The overuse of the word, and the misinterpretation of what it really means, has now begun to cheapen the extraordinarily rare quality it represents. And like any currency that has flooded the market and become devalued, too many complimentary references around grit have detracted from what it really connotes.
Before we take a look at grit and what it is and isn’t, I have a personal story to share that demonstrates why grit trumps lots of other qualities when it comes to getting what you want:
When my oldest son was looking for a job as college was nearing an end, he began to send out resumes and make calls to accounting firms where he could put his college degree to good use. He did this amidst a sea of depressing headlines and media stories about how his generation was mostly unable to land jobs, let alone move away from home. Throw in some stories about how his peers are more saddled with college debt than previous generations and you have a bleak picture.
He found something very different, though, when he got out there. Although my son had often paid more attention to swimming than academics during his college career, many of the top accounting firms wanted to interview him. And once he got into those offices, the interviews quickly focused on the massive amount of time he’d spent honing his strokes and times in the pool over 14 grueling years – not just his grades.
As he recounted to us later, the hours of questions centered around several things: the number of years he’d swum competitively at an elite level, the fact that he’d changed colleges yet been elected captain for his spirit and leadership, and the extraordinary amount of pre-dawn and afternoon workouts he’d logged during years when his friends were having fun and sleeping. It wasn’t hard to see that these firms, many of which offered him high-paying jobs, were looking for looking for signs of diligence, hard work, motivation and competitiveness more than the perfect GPA. They didn’t want whiners, quitters and kids who would groan if they had a late night in the office. It was an eye-opener, as well as a relief.
Angela Duckworth, who won a MacArthur Genius Grant for her work on identifying, quantifying and educating others about grit, describes this particular quality as “passion and perseverance in the pursuit of long-term goals.” Her work on grit is so popular that her TED talk about it is ranked as one of their all-time hits, and is approaching 5 million views. (If you want to learn your own grit score, click here.)

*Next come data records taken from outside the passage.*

Definition least_part := findn J N.+1.
Definition largest_part := N - findn (fun k => J (N - k)) N.+1.
Definition top_run := findn (fun k => ~~ J (largest_part - k)) N.+1.

Hypothesis J_bounded : bounded_parts N J.
Variables (x : nat) (Jx : J x).

Lemma least_partP :
  [/\ J least_part, least_part <= N & forall y, J y -> least_part <= y].
Proof.
have [_ xN] := andP (J_bounded Jx).
have leN : least_part <= N := leq_trans (findn_le_sat N.+1 Jx) xN.
by split=> [|//|y]; [apply: findn_sat | apply: findn_le_sat].
Qed.

Lemma largest_partP : J largest_part /\ forall y, J y -> y <= largest_part.
Proof.
have [_ xN] := andP (J_bounded Jx).
have JNx : J (N - (N - x)) by rewrite subKn.
have leN := leq_trans (@findn_le_sat (fun k => J (N - k)) N.+1 _ JNx) (leq_subr x N).
split=> [|y Jy]; first exact: (@findn_sat (fun k => J (N - k))).
have [_ yN] := andP (J_bounded Jy).
have : findn (fun k => J (N - k)) N.+1 <= N - y by apply: findn_le_sat; rewrite subKn.
rewrite /largest_part; lia.
Qed.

Your grit score – 5 is perfect – is now the leading predictor of who drops out at West Point, who finals in the National Spelling Bee, and even who is most likely to stick out the two years required of students who are selected for “Teach for America.” Angela believes that grit is contagious, which she describes in a podcast interview I did with her a few years ago.)
What is grit in real time? Grit is a janitor who studies for twelve years at Columbia University after mopping floors and cleaning toilets, only to graduate with honors at the age of 52. Grit is the recovering alcoholic who sidesteps multiple potential opportunities to relapse but reaches several decades of sobriety while helping others to do the same.

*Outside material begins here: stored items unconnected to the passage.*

Lemma clamp_lipschitz M x y : Rabs (clamp M x - clamp M y) <= Rabs (x - y).
Proof.
  unfold clamp, Rmax, Rmin; repeat destruct Rle_dec; unfold Rabs; repeat destruct Rcase_abs; lra.
Qed.

Lemma Rabs_clamp_le M x : 0 <= M -> Rabs (clamp M x) <= M.
Proof.
  intros; unfold clamp, Rmax, Rmin; repeat destruct Rle_dec; unfold Rabs;
    repeat destruct Rcase_abs; lra.
Qed.

Lemma clamp_id M x : Rabs x <= M -> clamp M x = x.
Proof.
  intros H; apply Rabs_le_between in H. unfold clamp, Rmax, Rmin; repeat destruct Rle_dec; lra.
Qed.

Definition damping_force (p : nat) (mu a x v : R) := - mu * v - a * x ^ p.

Definition truncated_force (p : nat) (mu a M x v : R) :=
  damping_force p mu a (clamp M x) (clamp M v).

Lemma Rabs_truncated_force_le p mu a M x v : 0 <= mu -> 0 <= a -> 0 <= M ->
  Rabs (truncated_force p mu a M x v) <= mu * M + a * M ^ p.
Proof.
  intros Hmu Ha HM. unfold truncated_force, damping_force.
  eapply Rle_trans; [apply Rabs_triang|].
  rewrite Rabs_Ropp, !Rabs_mult, Rabs_Ropp, (Rabs_right mu), (Rabs_right a), <- RPow_abs by lra.
  apply Rplus_le_compat; apply Rmult_le_compat_l; auto.
  - now apply Rabs_clamp_le.
  - apply pow_incr. split; [apply Rabs_pos|now apply Rabs_clamp_le].
Qed.

Lemma truncated_force_lipschitz p mu a M x v x' v' : 0 <= mu -> 0 <= a -> 0 <= M ->
  Rabs (truncated_force p mu a M x v - truncated_force p mu a M x' v')
  <= (mu + a * INR p * M ^ pred p) * (Rabs (x - x') + Rabs (v - v')).
Proof.
  intros Hmu Ha HM. unfold truncated_force, damping_force.
  replace (- mu * clamp M v - a * clamp M x ^ p - (- mu * clamp M v' - a * clamp M x' ^ p))
    with (- (mu * (clamp M v - clamp M v')) - a * (clamp M x ^ p - clamp M x' ^ p)) by ring.
  eapply Rle_trans; [apply Rabs_triang|].
  rewrite !Rabs_Ropp, !Rabs_mult, (Rabs_right mu), (Rabs_right a) by lra.
  pose proof (Rabs_pos (x - x')). pose proof (Rabs_pos (v - v')).
  assert (Hc : 0 <= INR p * M ^ pred p) by (apply Rmult_le_pos; [apply pos_INR|apply pow_le; lra]).
  assert (Hv : mu * Rabs (clamp M v - clamp M v') <= mu * Rabs (v - v'))
    by (apply Rmult_le_compat_l; [lra|apply clamp_lipschitz]).
  assert (Hx : Rabs (clamp M x ^ p - clamp M x' ^ p) <= INR p * M ^ pred p * Rabs (x - x')).
  { eapply Rle_trans; [apply Rabs_pow_sub_le; apply Rabs_clamp_le; lra|].
    apply Rmult_le_compat_l; [exact Hc|apply clamp_lipschitz]. }
  apply (Rmult_le_compat_l a) in Hx; [|lra].
  assert (0 <= mu * Rabs (x - x')) by (apply Rmult_le_pos; lra).
  assert (0 <= a * (INR p * M ^ pred p) * Rabs (v - v'))
    by (apply Rmult_le_pos; [apply Rmult_le_pos|]; lra).
  replace ((mu + a * INR p * M ^ pred p) * (Rabs (x - x') + Rabs (v - v')))
    with (mu * Rabs (v - v') + a * (INR p * M ^ pred p * Rabs (x - x'))
          + (mu * Rabs (x - x') + a * (INR p * M ^ pred p) * Rabs (v - v'))) by ring.
  lra.
Qed.

Definition energy (p : nat) (a x v : R) := v ^ 2 / 2 + a * x ^ (p + 1) / INR (p + 1).

Lemma energy_nonneg p a x v : Nat.Odd p -> 0 <= a -> 0 <= energy p a x v.
Proof.
  intros Hp Ha. unfold energy.
  assert (0 < INR (p + 1)) by (apply lt_0_INR; lia).
  pose proof (pow_succ_odd_nonneg p x Hp). pose proof (pow2_ge_0 v).
  assert (0 <= a * x ^ (p + 1) / INR (p + 1))
    by (apply Rdiv_le_0_compat; [apply Rmult_le_pos|]; lra).
  lra.
Qed.

Definition energy_radius (p : nat) (a E : R) := 1 + 2 * E + INR (p + 1) * E / a.

Lemma energy_radius_ge1 p a E : 0 < a -> 0 <= E -> 1 <= energy_radius p a E.
Proof.
  intros Ha HE. unfold energy_radius.
  assert (0 <= INR (p + 1) * E / a)
    by (apply Rdiv_le_0_compat; [apply Rmult_le_pos; [apply pos_INR|]|]; lra).
  lra.
Qed.

Lemma Rabs_le_energy_radius p a x v E : Nat.Odd p -> 0 < a -> energy p a x v <= E ->
  Rabs x <= energy_radius p a E /\ Rabs v <= energy_radius p a E.
Proof.
  intros Hp Ha H.
  pose proof (energy_nonneg p a x v Hp ltac:(lra)) as HE0.
  unfold energy_radius. unfold energy in H, HE0.
  assert (Hn : 0 < INR (p + 1)) by (apply lt_0_INR; lia).
  assert (Hx : 0 <= a * x ^ (p + 1) / INR (p + 1))
    by (apply Rdiv_le_0_compat; [apply Rmult_le_pos; [lra|apply pow_succ_odd_nonneg]|]; auto).
  assert (Hv : 0 <= v ^ 2 / 2) by (apply Rdiv_le_0_compat; [apply pow2_ge_0|lra]).
  assert (HR : 0 <= INR (p + 1) * E / a) by (apply Rdiv_le_0_compat; [apply Rmult_le_pos|]; lra).
  split.
  - destruct (Rle_dec (Rabs x) 1) as [|Hx1]; [lra|].
    assert (Hxp : Rabs x <= Rabs x ^ (p + 1)).
    { rewrite <- (pow_1 (Rabs x)) at 1. apply Rle_pow; [lra|lia]. }
    rewrite RPow_abs, (Rabs_right (x ^ (p + 1))) in Hxp by (apply Rle_ge, pow_succ_odd_nonneg, Hp).
    assert (x ^ (p + 1) <= INR (p + 1) * E / a).
    { apply (Rmult_le_reg_l (a / INR (p + 1))); [apply Rdiv_lt_0_compat; lra|].
      replace (a / INR (p + 1) * (INR (p + 1) * E / a)) with E by (field; lra).
      replace (a / INR (p + 1) * x ^ (p + 1)) with (a * x ^ (p + 1) / INR (p + 1)) by (field; lra).
      lra. }
    lra.
  - destruct (Rle_dec (Rabs v) 1) as [|Hv1]; [lra|].
    assert (Rabs v <= v ^ 2) by (rewrite <- pow2_abs; nra).
    lra.
Qed.

Lemma is_derive_energy p a (x v : R -> R) dx dv s : is_derive x s dx -> is_derive v s dv ->
  is_derive (fun s => energy p a (x s) (v s)) s (v s * dv + a * x s ^ p * dx).
Proof.
  intros Hx Hv. unfold energy.
  auto_derive.
  - repeat split; eexists; eauto.
  - rewrite (Derive_eta x s _ Hx), (Derive_eta v s _ Hv).
    replace (Init.Nat.pred (p + 1)) with p by lia.
    field. apply not_0_INR. lia.
Qed.

Lemma continuity_pt_energy p a (x v : R -> R) s : continuity_pt x s -> continuity_pt v s ->
  continuity_pt (fun s => energy p a (x s) (v s)) s.
Proof.
  intros Hx Hv. unfold energy, Rdiv.
  repeat first [ apply continuity_pt_plus | apply continuity_pt_mult | apply continuity_pt_pow_fun
               | apply continuity_pt_const; intros ? ?; reflexivity | assumption ].
Qed.

Lemma energy_le_initial p mu a (x v : R -> R) t : 0 <= mu -> 0 <= t ->
  (forall s, 0 <= s <= t -> continuity_pt x s /\ continuity_pt v s) ->
  (forall s, 0 < s < t ->
     is_derive x s (v s) /\ is_derive v s (damping_force p mu a (x s) (v s))) ->
  energy p a (x t) (v t) <= energy p a (x 0) (v 0).
Proof.
  intros Hmu Ht Hc Hd.
  apply (nonincreasing_of_derive_nonpos (fun s => energy p a (x s) (v s))
    (fun s => v s * damping_force p mu a (x s) (v s) + a * x s ^ p * v s) 0 t Ht).
  - intros s Hs. destruct (Hd s Hs). now apply is_derive_energy.
  - intros s Hs. destruct (Hc s Hs). now apply continuity_pt_energy.
  - intros s _. unfold damping_force.
    replace (v s * (- mu * v s - a * x s ^ p) + a * x s ^ p * v s) with (- (mu * (v s * v s)))
      by ring.
    pose proof (Rmult_le_pos mu _ Hmu (Rle_0_sqr (v s))). unfold Rsqr in *. lra.
Qed.

Definition damped_solution (p : nat) (mu a : R) (x v : R -> R) : Prop :=
  (forall t, 0 <= t -> continuity_pt x t /\ continuity_pt v t) /\
  (forall t, 0 < t -> is_derive x t (v t) /\ is_derive v t (damping_force p mu a (x t) (v t))).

Grit is not necessarily the soccer player who gets through one game with a knee injury after years of being healthy. Grit is not the kindergartener who got up every morning and went to school despite being tired. Grit is not the woman who pushes out a 10-pound baby after hours of labor. These are all examples of discomfort that have been overcome, but they aren’t grit because there isn’t a long history of overcoming setbacks in pursuit of cherished dreams and goals.
Let’s restore the word “grit” to its rightful place in the pantheon of adjectives that describe amazing feats. Use it for the immigrant who manages to adapt to a new country and thrive in tough situations, like school. Use it for Rick Hoyt, who pushes, drags and pulls his crippled son through hundreds of triathlons so that he can feel like he’s an athlete and not handicapped. Use it for the one-legged wrestler, Anthony Robles, who won the NCAA Championships despite colleges refusing to recruit him.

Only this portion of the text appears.